- **YOUR OBJECTIVE**
Which lines below fall between the one containing "PConst _ c => c" and the one containing "(* fixdl: add"? Repeat them exactly, counting both of those lines, and add nothing else.

───── DATA TO USE

(* Let $\mathfrak{S}_H$ be a program sketch with set of holes $H$, let $\Phi$ be a specification, and let $R$ be a realisation of $\mathfrak{S}_H$. If $E$ is a program-level counterexample for the instance $\mathfrak{S}_H(R)$ and $\Phi$, then for every realisation $R'$ of $\mathfrak{S}_H$ with $\mathrm{Conflict}(E,R)\subseteq R'$, the set $E$ is also a program-level counterexample for $\mathfrak{S}_H(R')$ and $\Phi$.
   Context: Programs: a program $\mathcal{P}=(\mathrm{Var},E)$ consists of a finite set $\mathrm{Var}$ of variables, each with a finite integer range and an initial value, and a finite set $E$ of guarded commands of the form $g\to p_1:u_1+\dots+p_n:u_n$, where the guard $g$ is a Boolean expression over $\mathrm{Var}$, the $p_i$ are expressions over $\mathrm{Var}$ that evaluate to a probability distribution in every state satisfying $g$, and each update $u_i$ assigns expressions over $\mathrm{Var}$ to variables. A state is a valuation of $\mathrm{Var}$. A program is non-overlapping if no state satisfies the guards of two distinct commands; throughout, all programs (in particular all sketch instances) are assumed non-overlapping. The underlying MC $[\![\mathcal{P}]\!]$ has the valuations as states, the initial valuation as initial state, and from a state $s$ in which command $g\to\sum_i p_i:u_i$ is enabled it moves to $u_i(s)$ with probability $p_i(s)$ (summing coinciding successors). $\mathsf{fixdl}(\mathcal{P})$ is $\mathcal{P}$ extended with a command that is enabled exactly in states where no guard holds and produces a self-loop. For $E'\subseteq E$, $\mathcal{P}_{|E'}=(\mathrm{Var},E')$. A specification $\Phi$ is a finite set of reachability properties $\mathbb{P}_{\bowtie\lambda}(\lozenge G)$ ($\bowtie\in\{<,\leq,\geq,>\}$, $\lambda\in[0,1]$, $G$ a set of states given by a predicate); an MC satisfies $\Phi$ if the probability to reach $G$ from the initial state satisfies $\bowtie\lambda$ for every property, and $\mathcal{P}\models\Phi$ iff $[\![\mathsf{fixdl}(\mathcal{P})]\!]\models\Phi$. Program-level counterexample: for a program $\mathcal{P}=(\mathrm{Var},E)$ with $\mathcal{P}\not\models\Phi$, a set $E'\subseteq E$ is a program-level counterexample if for every non-overlapping program $\mathcal{P}'=(\mathrm{Var},E'')$ with $E''\supseteq E'$ we have $\mathsf{fixdl}(\mathcal{P}')\not\models\Phi$. Sketches: a sketch $\mathfrak{S}_H=(\mathcal{P}_H,\mathsf{Option}_H,\Gamma,\mathsf{cost})$ consists of a program $\mathcal{P}_H$ whose command expressions (guards, probabilities, updates) may contain hole symbols $h\in H$, a finite set $\mathsf{Option}_h$ of expressions over the program variables for each hole $h$, a set $\Gamma$ of propositional constraints over (named) options, and costs $\mathsf{cost}\colon\mathsf{Option}_H\to\mathbb{N}$. A realisation is a map $R$ with $R(h)\in\mathsf{Option}_h$ for every $h\in H$ satisfying all constraints in $\Gamma$; the instance $\mathfrak{S}_H(R)$ is the program obtained by replacing each hole $h$ by $R(h)$, so every command of $\mathfrak{S}_H(R)$ originates from a command of $\mathcal{P}_H$. A partial realisation is a map $\bar R$ with $\bar R(h)\in\mathsf{Option}_h\cup\{\bot\}$; $\bar R_1\subseteq\bar R_2$ iff $\bar R_1(h)\in\{\bar R_2(h),\bot\}$ for all $h$. For a set $E$ of commands of $\mathfrak{S}_H(R)$, $\mathrm{Conflict}(E,R)$ is the partial realisation with $\mathrm{Conflict}(E,R)(h)=R(h)$ if $h$ occurs in some command of $\mathcal{P}_H$ from which a command of $E$ originates, and $\bot$ otherwise. *)

From mathcomp Require Import all_boot.
From Stdlib Require Import Reals ZArith ClassicalEpsilon.
From Coquelicot Require Import Rbar Lim_seq.

Set Implicit Arguments.
Unset Strict Implicit.
Unset Printing Implicit Defensive.

Inductive ty := TB | TZ | TR.
Definition tyD (t : ty) : Type :=
  match t with TB => bool | TZ => Z | TR => R end.
Definition ty_default (t : ty) : tyD t :=
  match t with TB => false | TZ => 0%Z | TR => 0%R end.

Section Lang.
Variable V : finType.

Definition state := V -> Z.

Inductive pexpr : ty -> Type :=
| PConst (t : ty) (c : tyD t) : pexpr t
| PVar (v : V) : pexpr TZ
| PUn (t1 t : ty) (f : tyD t1 -> tyD t) (e : pexpr t1) : pexpr t
| PBin (t1 t2 t : ty) (f : tyD t1 -> tyD t2 -> tyD t) (e1 : pexpr t1) (e2 : pexpr t2) : pexpr t
| PIte (t : ty) (b : pexpr TB) (e1 e2 : pexpr t) : pexpr t.

Fixpoint peval (t : ty) (e : pexpr t) (s : state) : tyD t :=
  match e in pexpr t return tyD t with
  | PConst _ c => c
  | PVar v => s v
  | PUn _ _ f e1 => f (peval e1 s)
  | PBin _ _ _ f e1 e2 => f (peval e1 s) (peval e2 s)
  | PIte _ b e1 e2 => if peval b s then peval e1 s else peval e2 s
  end.

Record cmd (X : ty -> Type) := Cmd {
  guard : X TB;
  branches : list (X TR * list (V * X TZ)) (* p_1 : u_1 + ... + p_n : u_n *)
}.

Definition pcmd := cmd pexpr.

(* simultaneous assignment; unassigned variables keep their value *)
Definition apply_upd (u : list (V * pexpr TZ)) (s : state) : state :=
  fun v => match List.find (fun p => p.1 == v) u with
           | Some p => peval p.2 s
           | None => s v
           end.

Definition enabled (c : pcmd) (s : state) : bool := peval (guard c) s.

Record vdecl := VDecl { vlo : V -> Z; vhi : V -> Z; vinit : V -> Z }.

Record program := Prog { pvars : vdecl; pcmds : list pcmd }.

Definition in_range (D : vdecl) (s : state) : Prop :=
  forall v, (vlo D v <= s v <= vhi D v)%Z.

Definition sumR (l : list R) : R := List.fold_right Rplus 0%R l.

Definition wf_prog (P : program) : Prop :=
  in_range (pvars P) (vinit (pvars P)) /\
  forall c, List.In c (pcmds P) -> forall s, in_range (pvars P) s -> enabled c s ->
    (forall b, List.In b (branches c) -> (0 <= (peval b.1 s : R))%R /\
                                         in_range (pvars P) (apply_upd b.2 s)) /\
    sumR (List.map (fun b : pexpr TR * list (V * pexpr TZ) => (peval b.1 s : R)) (branches c)) = 1%R.

Definition nonoverlapping (P : program) : Prop :=
  forall c1 c2, List.In c1 (pcmds P) -> List.In c2 (pcmds P) -> c1 <> c2 ->
  forall s, in_range (pvars P) s -> ~ (enabled c1 s /\ enabled c2 s).

Definition is_program (P : program) : Prop := wf_prog P /\ nonoverlapping P.

Definition program_restrict (P : program) (E' : list pcmd) : program :=
  Prog (pvars P) E'.

(* fixdl: add a self-loop command enabled exactly where no guard holds *)
Definition some_guard (cs : list pcmd) : pexpr TB :=
  List.fold_right (fun c acc => PBin (t1:=TB) (t2:=TB) (t:=TB) orb (guard c) acc)
                  (PConst (t:=TB) false) cs.
Definition fixdl (P : program) : program :=
  Prog (pvars P)
       (pcmds P ++ [:: Cmd (PUn (t1:=TB) (t:=TB) negb (some_guard (pcmds P)))
                          [:: (PConst (t:=TR) 1%R, [::])]]).

(* underlying MC: from s, the (unique, for non-overlapping programs) enabled
   command is taken; a state without enabled command is absorbing (this case
   never arises for fixdl(P)). reach_n n s = probability to reach G within n steps. *)
Definition next_cmd (cs : list pcmd) (s : state) : option pcmd :=
  List.find (fun c => enabled c s) cs.

Fixpoint reach_n (cs : list pcmd) (G : state -> bool) (n : nat) (s : state) : R :=
  match n with
  | 0 => if G s then 1%R else 0%R
  | n'.+1 =>
      if G s then 1%R else
      match next_cmd cs s with
      | Some c => sumR (List.map (fun b : pexpr TR * list (V * pexpr TZ) => (peval b.1 s * reach_n cs G n' (apply_upd b.2 s))%R)
                                 (branches c))
      | None => reach_n cs G n' s
      end
  end.

Definition reach_prob (P : program) (G : state -> bool) : R :=
  real (Lim_seq (fun n => reach_n (pcmds P) G n (vinit (pvars P)))).

Inductive cmp := CLt | CLe | CGe | CGt.
Definition cmp_holds (c : cmp) (x l : R) : Prop :=
  match c with
  | CLt => (x < l)%R | CLe => (x <= l)%R | CGe => (l <= x)%R | CGt => (l < x)%R
  end.

Record rprop := RProp { rcmp : cmp; rlam : R; rgoal : state -> bool }.
Definition spec := list rprop.

Definition mc_sat (P : program) (Phi : spec) : Prop :=
  forall phi, List.In phi Phi -> cmp_holds (rcmp phi) (reach_prob P (rgoal phi)) (rlam phi).

Definition prog_sat (P : program) (Phi : spec) : Prop := mc_sat (fixdl P) Phi.

Definition is_cex (P : program) (Phi : spec) (E' : list pcmd) : Prop :=
  ~ prog_sat P Phi /\
  List.incl E' (pcmds P) /\
  forall E'' : list pcmd, is_program (program_restrict P E'') ->
    List.incl E' E'' -> ~ prog_sat (program_restrict P E'') Phi.

Section Sketch.
Variable H : finType.
Variable hty : H -> ty.

Inductive sexpr : ty -> Type :=
| SConst (t : ty) (c : tyD t) : sexpr t
| SVar (v : V) : sexpr TZ
| SHole (h : H) : sexpr (hty h)
| SUn (t1 t : ty) (f : tyD t1 -> tyD t) (e : sexpr t1) : sexpr t
| SBin (t1 t2 t : ty) (f : tyD t1 -> tyD t2 -> tyD t) (e1 : sexpr t1) (e2 : sexpr t2) : sexpr t
| SIte (t : ty) (b : sexpr TB) (e1 e2 : sexpr t) : sexpr t.

Definition scmd := cmd sexpr.

(* propositional constraints over named options: atom (h, i) = "hole h takes option i" *)
Inductive pform :=
| FTrue | FAtom (h : H) (i : nat) | FNot (f : pform)
| FAnd (f g : pform) | FOr (f g : pform) | FImp (f g : pform).

Fixpoint feval (Rl : H -> nat) (f : pform) : bool :=
  match f with
  | FTrue => true
  | FAtom h i => Rl h == i
  | FNot f => ~~ feval Rl f
  | FAnd f g => feval Rl f && feval Rl g
  | FOr f g => feval Rl f || feval Rl g
  | FImp f g => feval Rl f ==> feval Rl g
  end.

(* options of hole h are named by their index in sk_opts h *)
Record sketch := Sketch {
  sk_vars : vdecl;
  sk_cmds : list scmd;
  sk_opts : forall h : H, list (pexpr (hty h));
  sk_cons : list pform;
  sk_cost : forall h : H, nat -> nat
}.

Variable S : sketch.

Definition realisation (Rl : H -> nat) : Prop :=
  (forall h, (Rl h < size (sk_opts S h))%nat) /\
  (forall f, List.In f (sk_cons S) -> feval Rl f).

Definition opt_of (Rl : H -> nat) (h : H) : pexpr (hty h) :=
  nth (PConst (ty_default (hty h))) (sk_opts S h) (Rl h).

Fixpoint subst (Rl : H -> nat) (t : ty) (e : sexpr t) : pexpr t :=
  match e in sexpr t return pexpr t with
  | SConst _ c => PConst c
  | SVar v => PVar v
  | SHole h => opt_of Rl h
  | SUn _ _ f e1 => PUn f (subst Rl e1)
  | SBin _ _ _ f e1 e2 => PBin f (subst Rl e1) (subst Rl e2)
  | SIte _ b e1 e2 => PIte (subst Rl b) (subst Rl e1) (subst Rl e2)
  end.

Definition inst_cmd (Rl : H -> nat) (c : scmd) : pcmd :=
  Cmd (subst Rl (guard c))
      (List.map (fun b => (subst Rl b.1, List.map (fun a => (a.1, subst Rl a.2)) b.2))
                (branches c)).

Definition instance (Rl : H -> nat) : program :=
  Prog (sk_vars S) (List.map (inst_cmd Rl) (sk_cmds S)).

Fixpoint sholes (t : ty) (e : sexpr t) : list H :=
  match e with
  | SConst _ _ => [::]
  | SVar _ => [::]
  | SHole h => [:: h]
  | SUn _ _ _ e1 => sholes e1
  | SBin _ _ _ _ e1 e2 => sholes e1 ++ sholes e2
  | SIte _ b e1 e2 => sholes b ++ sholes e1 ++ sholes e2
  end.

Definition cmd_holes (c : scmd) : list H :=
  sholes (guard c) ++
  flatten (List.map (fun b => sholes b.1 ++ flatten (List.map (fun a => sholes a.2) b.2))
                    (branches c)).

(* partial realisations: None = bottom *)
Definition prealisation := H -> option nat.
Definition psub (R1 R2 : prealisation) : Prop :=
  forall h, R1 h = None \/ R1 h = R2 h.
Definition as_prealisation (Rl : H -> nat) : prealisation := fun h => Some (Rl h).

Definition conflict_hole (E : list pcmd) (Rl : H -> nat) (h : H) : Prop :=
  exists c cH, List.In c E /\ List.In cH (sk_cmds S) /\ inst_cmd Rl cH = c /\
               List.In h (cmd_holes cH).

Definition Conflict (E : list pcmd) (Rl : H -> nat) : prealisation :=
  fun h => if excluded_middle_informative (conflict_hole E Rl h)
           then Some (Rl h) else None.

End Sketch.
End Lang.

From mathcomp Require Import all_boot.
From Stdlib Require Import Reals ClassicalEpsilon.

(* Instantiating a sketch command only reads the options of the holes occurring
   in it, so every command of E is also produced by any realisation R' that
   agrees with R on Conflict(E, R).  Being a program-level counterexample only
   depends on the commands E and on the variables of the program, and all
   instances share the variables of the sketch. *)

Lemma In_flatten_map {A B : Type} (f : A -> list B) {l : list A} {x : A} {y : B} :
  List.In x l -> List.In y (f x) -> List.In y (flatten (List.map f l)).
Proof.
elim: l => [|a l IHl] //= [<-|xl] yfx; apply: List.in_or_app; [left|right] => //.
exact: IHl.
Qed.

Section Instantiation.
Variables (V H : finType) (hty : H -> ty) (S : sketch V hty).

Lemma subst_eq_on_holes (Rl Rl' : H -> nat) t (e : sexpr V hty t) :
  (forall h, List.In h (sholes e) -> Rl h = Rl' h) -> subst S Rl e = subst S Rl' e.
Proof.
elim: e => //= [h | t1 t0 f e IHe | t1 t2 t0 f e1 IH1 e2 IH2 | t0 b IHb e1 IH1 e2 IH2] eqR.
- by rewrite /opt_of eqR //=; left.
- by rewrite IHe.
- by rewrite IH1 ?IH2 // => h hin; apply: eqR; rewrite List.in_app_iff; tauto.
- by rewrite IHb ?IH1 ?IH2 // => h hin; apply: eqR; rewrite !List.in_app_iff; tauto.
Qed.

Lemma inst_cmd_eq_on_holes (Rl Rl' : H -> nat) (c : scmd V hty) :
  (forall h, List.In h (cmd_holes c) -> Rl h = Rl' h) ->
  inst_cmd S Rl c = inst_cmd S Rl' c.
Proof.
rewrite /inst_cmd /cmd_holes => eqR.
rewrite (@subst_eq_on_holes Rl Rl') => [|h hin]; last by apply: eqR; apply: List.in_or_app; left.
congr Cmd; apply: List.map_ext_in => b bin.
have eqRb h : List.In h (sholes b.1 ++ flatten (List.map (fun a => sholes a.2) b.2)) ->
    Rl h = Rl' h.
  move=> hin; apply: eqR; apply: List.in_or_app; right.
  exact: (In_flatten_map _ bin hin).
rewrite (@subst_eq_on_holes Rl Rl') => [|h hin]; last by apply: eqRb; apply: List.in_or_app; left.
congr pair; apply: List.map_ext_in => a ain.
rewrite (@subst_eq_on_holes Rl Rl') // => h hin; apply: eqRb; apply: List.in_or_app; right.
exact: (In_flatten_map _ ain hin).
Qed.

Lemma Conflict_agree {E : list (pcmd V)} {Rl Rl' : H -> nat} {h : H} :
  psub (Conflict S E Rl) (as_prealisation Rl') -> conflict_hole S E Rl h ->
  Rl h = Rl' h.
Proof.
move=> /(_ h); rewrite /Conflict /as_prealisation.
by case: excluded_middle_informative => //= _ [|[]].
Qed.

Lemma incl_instance_Conflict (E : list (pcmd V)) (Rl Rl' : H -> nat) :
  psub (Conflict S E Rl) (as_prealisation Rl') ->
  List.incl E (pcmds (instance S Rl)) -> List.incl E (pcmds (instance S Rl')).
Proof.
move=> subR inclE c cE; have /List.in_map_iff [cH [eq_c cHin]] := inclE c cE.
apply/List.in_map_iff; exists cH; split => //; rewrite -eq_c; symmetry.
apply: inst_cmd_eq_on_holes => h hin.
by apply: (Conflict_agree subR); exists c, cH.
Qed.

End Instantiation.

Lemma is_cex_same_vars {V : finType} (P P' : program V) (Phi : spec V) (E : list (pcmd V)) :
  pvars P = pvars P' -> is_program P' -> List.incl E (pcmds P') ->
  is_cex P Phi E -> is_cex P' Phi E.
Proof.
move=> eq_vars progP' inclE' [_ [_ cexE]]; split; [|split] => //.
- by have := cexE (pcmds P'); rewrite /program_restrict eq_vars; apply.
- by rewrite /program_restrict -eq_vars.
Qed.

Theorem proposition2 (V H : finType) (hty : H -> ty) (S : sketch V hty)
  (Phi : spec V)
  (HPhi : forall phi, List.In phi Phi -> (0 <= rlam phi <= 1)%R)
  (Hinst : forall Rl, realisation S Rl -> is_program (instance S Rl))
  (Rl : H -> nat) (HR : realisation S Rl) (E : list (pcmd V))
  (HE : is_cex (instance S Rl) Phi E) :
  forall Rl' : H -> nat, realisation S Rl' ->
    psub (Conflict S E Rl) (as_prealisation Rl') ->
    is_cex (instance S Rl') Phi E.
Proof.
move=> Rl' HR' subR; apply: (is_cex_same_vars (instance S Rl)) => //.
- exact: Hinst.
- by apply: incl_instance_Conflict subR _; case: HE => _ [].
Qed.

──────────

- **SOLUTION FOR THIS EXERCISE**
  | PConst _ c => c
  | PVar v => s v
  | PUn _ _ f e1 => f (peval e1 s)
  | PBin _ _ _ f e1 e2 => f (peval e1 s) (peval e2 s)
  | PIte _ b e1 e2 => if peval b s then peval e1 s else peval e2 s
  end.

Record cmd (X : ty -> Type) := Cmd {
  guard : X TB;
  branches : list (X TR * list (V * X TZ)) (* p_1 : u_1 + ... + p_n : u_n *)
}.

Definition pcmd := cmd pexpr.

(* simultaneous assignment; unassigned variables keep their value *)
Definition apply_upd (u : list (V * pexpr TZ)) (s : state) : state :=
  fun v => match List.find (fun p => p.1 == v) u with
           | Some p => peval p.2 s
           | None => s v
           end.

Definition enabled (c : pcmd) (s : state) : bool := peval (guard c) s.

Record vdecl := VDecl { vlo : V -> Z; vhi : V -> Z; vinit : V -> Z }.

Record program := Prog { pvars : vdecl; pcmds : list pcmd }.

Definition in_range (D : vdecl) (s : state) : Prop :=
  forall v, (vlo D v <= s v <= vhi D v)%Z.

Definition sumR (l : list R) : R := List.fold_right Rplus 0%R l.

Definition wf_prog (P : program) : Prop :=
  in_range (pvars P) (vinit (pvars P)) /\
  forall c, List.In c (pcmds P) -> forall s, in_range (pvars P) s -> enabled c s ->
    (forall b, List.In b (branches c) -> (0 <= (peval b.1 s : R))%R /\
                                         in_range (pvars P) (apply_upd b.2 s)) /\
    sumR (List.map (fun b : pexpr TR * list (V * pexpr TZ) => (peval b.1 s : R)) (branches c)) = 1%R.

Definition nonoverlapping (P : program) : Prop :=
  forall c1 c2, List.In c1 (pcmds P) -> List.In c2 (pcmds P) -> c1 <> c2 ->
  forall s, in_range (pvars P) s -> ~ (enabled c1 s /\ enabled c2 s).

Definition is_program (P : program) : Prop := wf_prog P /\ nonoverlapping P.

Definition program_restrict (P : program) (E' : list pcmd) : program :=
  Prog (pvars P) E'.

(* fixdl: add a self-loop command enabled exactly where no guard holds *)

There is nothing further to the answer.